# ASSIGNED TASK
Print out every entry, keeping each line identical to the original.
================
Lemma crossing_edges_side_connect z w z' w' :
  (forall a, delta E (side_comp E Z a) = set0 \/ delta E (side_comp E Z a) = delta E Z) ->
  z \in Z -> w \notin Z -> adj E z w -> z' \in Z -> w' \notin Z -> adj E z' w' ->
  connect (side_adj E Z) z z' /\ connect (side_adj E Z) w' w.
Proof.
move=> full zZ wZ zw z'Z w'Z z'w'.
have [e e'] : [set z; w] \in delta E Z /\ [set z'; w'] \in delta E Z.
  by rewrite !(delta_pair HG) zw z'w' zZ z'Z (negbTE wZ) (negbTE w'Z).
have e_z : [set z; w] \in delta E (side_comp E Z z).
  by rewrite delta_side_comp_crossing // zZ zw connect0.
have e'_w' : [set z'; w'] \in delta E (side_comp E Z w').
  by rewrite delta_side_comp_crossing // (negbTE w'Z) z'w' connect0.
split.
- have [e0|ez] := full z; first by rewrite e0 in_set0 in e_z.
  by move: e'; rewrite -ez delta_side_comp_crossing // zZ => /andP[].
- have [e0|ew'] := full w'; first by rewrite e0 in_set0 in e'_w'.
  by move: e; rewrite -ew' delta_side_comp_crossing // (negbTE w'Z) => /andP[].
Qed.

Lemma cycle_edges_delta_sub (F : {set {set V}}) s :
  cycle (fun x y => adj E x y && (([set x; y] \in delta E Z) ==> ([set x; y] \in F))) s ->
  cycle_edges s :&: delta E Z \subset F.
Proof.
move=> cs; apply/subsetP => _ /setIP[/imsetP[x xs ->]].
by case/andP: (next_cycle cs xs) => _ /implyP.
Qed.

Lemma crossing_pair_cycle z w z' w' :
  z \in Z -> w \notin Z -> adj E z w -> adj E z' w' -> [set z; w] != [set z'; w'] ->
  connect (side_adj E Z) z z' -> connect (side_adj E Z) w' w ->
  exists s, simple_cycle E s /\ cycle_edges s :&: delta E Z = [set [set z; w]; [set z'; w']].
Proof.
move=> zZ wZ zw z'w' ne /[dup] zz' /connect_uniq_path[p [hp lp up]].
move=> /[dup] w'w /connect_uniq_path[q [hq lq uq]].
have pZ : {subset z :: p <= Z}.
  by move=> v /(path_connect hp)/connect_side_mem; rewrite zZ => <-.
have qZ : {subset w' :: q <= [predC Z]}.
  by move=> v /(path_connect hq)/connect_side_mem; rewrite !inE (connect_side_mem w'w) => <-.
have z'Z : z' \in Z by rewrite -(connect_side_mem zz').
have w'Z : w' \notin Z by rewrite (connect_side_mem w'w).
pose s := z :: p ++ w' :: q.
have us : uniq s.
  rewrite /s -cat_cons cat_uniq up uq andbT andTb; apply/hasPn => v /qZ.
  by apply: contraTN => /pZ; rewrite inE => ->.
have sz : (2 < size s)%N.
  rewrite /s /= size_cat /= addnS !ltnS lt0n addn_eq0; apply: contra ne.
  by case/andP=> /nilP p0 /nilP q0; move: lp lq; rewrite p0 q0 /= => <- ->.
pose r x y := adj E x y &&
  (([set x; y] \in delta E Z) ==> ([set x; y] \in [set [set z; w]; [set z'; w']])).
have side_r : subrel (side_adj E Z) r.
  move=> x y /andP[xy sameZ]; rewrite /r (delta_pair HG) xy /=.
  by move: sameZ; case: (x \in Z); case: (y \in Z).
have cs : cycle r s.
  rewrite /s /= rcons_cat /= cat_path (sub_path side_r hp) lp /=.
  rewrite rcons_path (sub_path side_r hq) lq /r z'w' /adj (setUC [set w]).
  by rewrite (zw : [set z; w] \in E) !in_set2 !eqxx orbT !implybT.
have e_cyc : [set z; w] \in cycle_edges s.
  by have := last_head_cycle_edges us; rewrite last_cat /= lq setUC.
have e'_cyc : [set z'; w'] \in cycle_edges s.
  have ur : uniq (w' :: q ++ z :: p) by rewrite -cat_cons -rot_size_cat rot_uniq.
  rewrite -(cycle_edges_rot (size (z :: p)) us) /s -cat_cons rot_size_cat /=.
  by have := last_head_cycle_edges ur; rewrite last_cat /= lp.
exists s; split; first by split=> //; apply: sub_cycle cs => x y /andP[].
apply/eqP; rewrite eqEsubset (cycle_edges_delta_sub cs) /=.
apply/subsetP => f; rewrite in_set2 => /orP[]/eqP->; rewrite in_setI (delta_pair HG).
- by rewrite e_cyc zw zZ (negbTE wZ).
- by rewrite e'_cyc z'w' z'Z (negbTE w'Z).
Qed.

End SideComponents.

Theorem lemma1 (R : realType) (V : finType) (E : {set {set V}})
  (HG : simple_graph E) (Hcactus : cactus E) (X Y : {set V}) :
  skeleton_adjacent (@CUT R V E) (cutvec R E X) (cutvec R E Y) ->
  (#|delta E (symdiff X Y)| <= 2)%N.
Proof.
move=> adjXY; rewrite leqNgt; apply/negP.
move=> /card_gt2P[f1 [f2 [f3 [[d1 d2 d3] [n12 n23 n31]]]]].
have full a : delta E (side_comp E (symdiff X Y) a) = set0 \/
    delta E (side_comp E (symdiff X Y) a) = delta E (symdiff X Y).
  exact (delta_sub_symdiff HG adjXY (delta_side_comp_sub (a := a) HG)).
set Z := symdiff X Y in full d1 d2 d3.
have [z1 [w1 [z1Z w1Z a1 ef1]]] := delta_orient HG d1.
have [z2 [w2 [z2Z w2Z a2 ef2]]] := delta_orient HG d2.
have [z3 [w3 [z3Z w3Z a3 ef3]]] := delta_orient HG d3.
subst f1 f2 f3.
have [z1z2 w2w1] := crossing_edges_side_connect HG full z1Z w1Z a1 z2Z w2Z a2.
have [z1z3 w3w1] := crossing_edges_side_connect HG full z1Z w1Z a1 z3Z w3Z a3.
have n13 : [set z1; w1] != [set z3; w3] by rewrite eq_sym.
have [s1 [cyc1 cross1]] := crossing_pair_cycle HG z1Z w1Z a1 a2 n12 z1z2 w2w1.
have [s2 [cyc2 cross2]] := crossing_pair_cycle HG z1Z w1Z a1 a3 n13 z1z3 w3w1.
have /setIP[in1 _] : [set z1; w1] \in cycle_edges s1 :&: delta E Z by rewrite cross1 set21.
have /setIP[in2 _] : [set z1; w1] \in cycle_edges s2 :&: delta E Z by rewrite cross2 set21.
have := set22 [set z1; w1] [set z2; w2].
rewrite -cross1 (Hcactus.2 _ a1 _ _ cyc1 cyc2 in1 in2) cross2 in_set2.
by rewrite eq_sym (negbTE n12) (negbTE n23).
Qed.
================
# ANSWER SECTION
Lemma crossing_edges_side_connect z w z' w' :
  (forall a, delta E (side_comp E Z a) = set0 \/ delta E (side_comp E Z a) = delta E Z) ->
  z \in Z -> w \notin Z -> adj E z w -> z' \in Z -> w' \notin Z -> adj E z' w' ->
  connect (side_adj E Z) z z' /\ connect (side_adj E Z) w' w.
Proof.
move=> full zZ wZ zw z'Z w'Z z'w'.
have [e e'] : [set z; w] \in delta E Z /\ [set z'; w'] \in delta E Z.
  by rewrite !(delta_pair HG) zw z'w' zZ z'Z (negbTE wZ) (negbTE w'Z).
have e_z : [set z; w] \in delta E (side_comp E Z z).
  by rewrite delta_side_comp_crossing // zZ zw connect0.
have e'_w' : [set z'; w'] \in delta E (side_comp E Z w').
  by rewrite delta_side_comp_crossing // (negbTE w'Z) z'w' connect0.
split.
- have [e0|ez] := full z; first by rewrite e0 in_set0 in e_z.
  by move: e'; rewrite -ez delta_side_comp_crossing // zZ => /andP[].
- have [e0|ew'] := full w'; first by rewrite e0 in_set0 in e'_w'.
  by move: e; rewrite -ew' delta_side_comp_crossing // (negbTE w'Z) => /andP[].
Qed.

Lemma cycle_edges_delta_sub (F : {set {set V}}) s :
  cycle (fun x y => adj E x y && (([set x; y] \in delta E Z) ==> ([set x; y] \in F))) s ->
  cycle_edges s :&: delta E Z \subset F.
Proof.
move=> cs; apply/subsetP => _ /setIP[/imsetP[x xs ->]].
by case/andP: (next_cycle cs xs) => _ /implyP.
Qed.

Lemma crossing_pair_cycle z w z' w' :
  z \in Z -> w \notin Z -> adj E z w -> adj E z' w' -> [set z; w] != [set z'; w'] ->
  connect (side_adj E Z) z z' -> connect (side_adj E Z) w' w ->
  exists s, simple_cycle E s /\ cycle_edges s :&: delta E Z = [set [set z; w]; [set z'; w']].
Proof.
move=> zZ wZ zw z'w' ne /[dup] zz' /connect_uniq_path[p [hp lp up]].
move=> /[dup] w'w /connect_uniq_path[q [hq lq uq]].
have pZ : {subset z :: p <= Z}.
  by move=> v /(path_connect hp)/connect_side_mem; rewrite zZ => <-.
have qZ : {subset w' :: q <= [predC Z]}.
  by move=> v /(path_connect hq)/connect_side_mem; rewrite !inE (connect_side_mem w'w) => <-.
have z'Z : z' \in Z by rewrite -(connect_side_mem zz').
have w'Z : w' \notin Z by rewrite (connect_side_mem w'w).
pose s := z :: p ++ w' :: q.
have us : uniq s.
  rewrite /s -cat_cons cat_uniq up uq andbT andTb; apply/hasPn => v /qZ.
  by apply: contraTN => /pZ; rewrite inE => ->.
have sz : (2 < size s)%N.
  rewrite /s /= size_cat /= addnS !ltnS lt0n addn_eq0; apply: contra ne.
  by case/andP=> /nilP p0 /nilP q0; move: lp lq; rewrite p0 q0 /= => <- ->.
pose r x y := adj E x y &&
  (([set x; y] \in delta E Z) ==> ([set x; y] \in [set [set z; w]; [set z'; w']])).
have side_r : subrel (side_adj E Z) r.
  move=> x y /andP[xy sameZ]; rewrite /r (delta_pair HG) xy /=.
  by move: sameZ; case: (x \in Z); case: (y \in Z).
have cs : cycle r s.
  rewrite /s /= rcons_cat /= cat_path (sub_path side_r hp) lp /=.
  rewrite rcons_path (sub_path side_r hq) lq /r z'w' /adj (setUC [set w]).
  by rewrite (zw : [set z; w] \in E) !in_set2 !eqxx orbT !implybT.
have e_cyc : [set z; w] \in cycle_edges s.
  by have := last_head_cycle_edges us; rewrite last_cat /= lq setUC.
have e'_cyc : [set z'; w'] \in cycle_edges s.
  have ur : uniq (w' :: q ++ z :: p) by rewrite -cat_cons -rot_size_cat rot_uniq.
  rewrite -(cycle_edges_rot (size (z :: p)) us) /s -cat_cons rot_size_cat /=.
  by have := last_head_cycle_edges ur; rewrite last_cat /= lp.
exists s; split; first by split=> //; apply: sub_cycle cs => x y /andP[].
apply/eqP; rewrite eqEsubset (cycle_edges_delta_sub cs) /=.
apply/subsetP => f; rewrite in_set2 => /orP[]/eqP->; rewrite in_setI (delta_pair HG).
- by rewrite e_cyc zw zZ (negbTE wZ).
- by rewrite e'_cyc z'w' z'Z (negbTE w'Z).
Qed.

End SideComponents.

Theorem lemma1 (R : realType) (V : finType) (E : {set {set V}})
  (HG : simple_graph E) (Hcactus : cactus E) (X Y : {set V}) :
  skeleton_adjacent (@CUT R V E) (cutvec R E X) (cutvec R E Y) ->
  (#|delta E (symdiff X Y)| <= 2)%N.
Proof.
move=> adjXY; rewrite leqNgt; apply/negP.
move=> /card_gt2P[f1 [f2 [f3 [[d1 d2 d3] [n12 n23 n31]]]]].
have full a : delta E (side_comp E (symdiff X Y) a) = set0 \/
    delta E (side_comp E (symdiff X Y) a) = delta E (symdiff X Y).
  exact (delta_sub_symdiff HG adjXY (delta_side_comp_sub (a := a) HG)).
set Z := symdiff X Y in full d1 d2 d3.
have [z1 [w1 [z1Z w1Z a1 ef1]]] := delta_orient HG d1.
have [z2 [w2 [z2Z w2Z a2 ef2]]] := delta_orient HG d2.
have [z3 [w3 [z3Z w3Z a3 ef3]]] := delta_orient HG d3.
subst f1 f2 f3.
have [z1z2 w2w1] := crossing_edges_side_connect HG full z1Z w1Z a1 z2Z w2Z a2.
have [z1z3 w3w1] := crossing_edges_side_connect HG full z1Z w1Z a1 z3Z w3Z a3.
have n13 : [set z1; w1] != [set z3; w3] by rewrite eq_sym.
have [s1 [cyc1 cross1]] := crossing_pair_cycle HG z1Z w1Z a1 a2 n12 z1z2 w2w1.
have [s2 [cyc2 cross2]] := crossing_pair_cycle HG z1Z w1Z a1 a3 n13 z1z3 w3w1.
have /setIP[in1 _] : [set z1; w1] \in cycle_edges s1 :&: delta E Z by rewrite cross1 set21.
have /setIP[in2 _] : [set z1; w1] \in cycle_edges s2 :&: delta E Z by rewrite cross2 set21.
have := set22 [set z1; w1] [set z2; w2].
rewrite -cross1 (Hcactus.2 _ a1 _ _ cyc1 cyc2 in1 in2) cross2 in_set2.
by rewrite eq_sym (negbTE n12) (negbTE n23).
Qed.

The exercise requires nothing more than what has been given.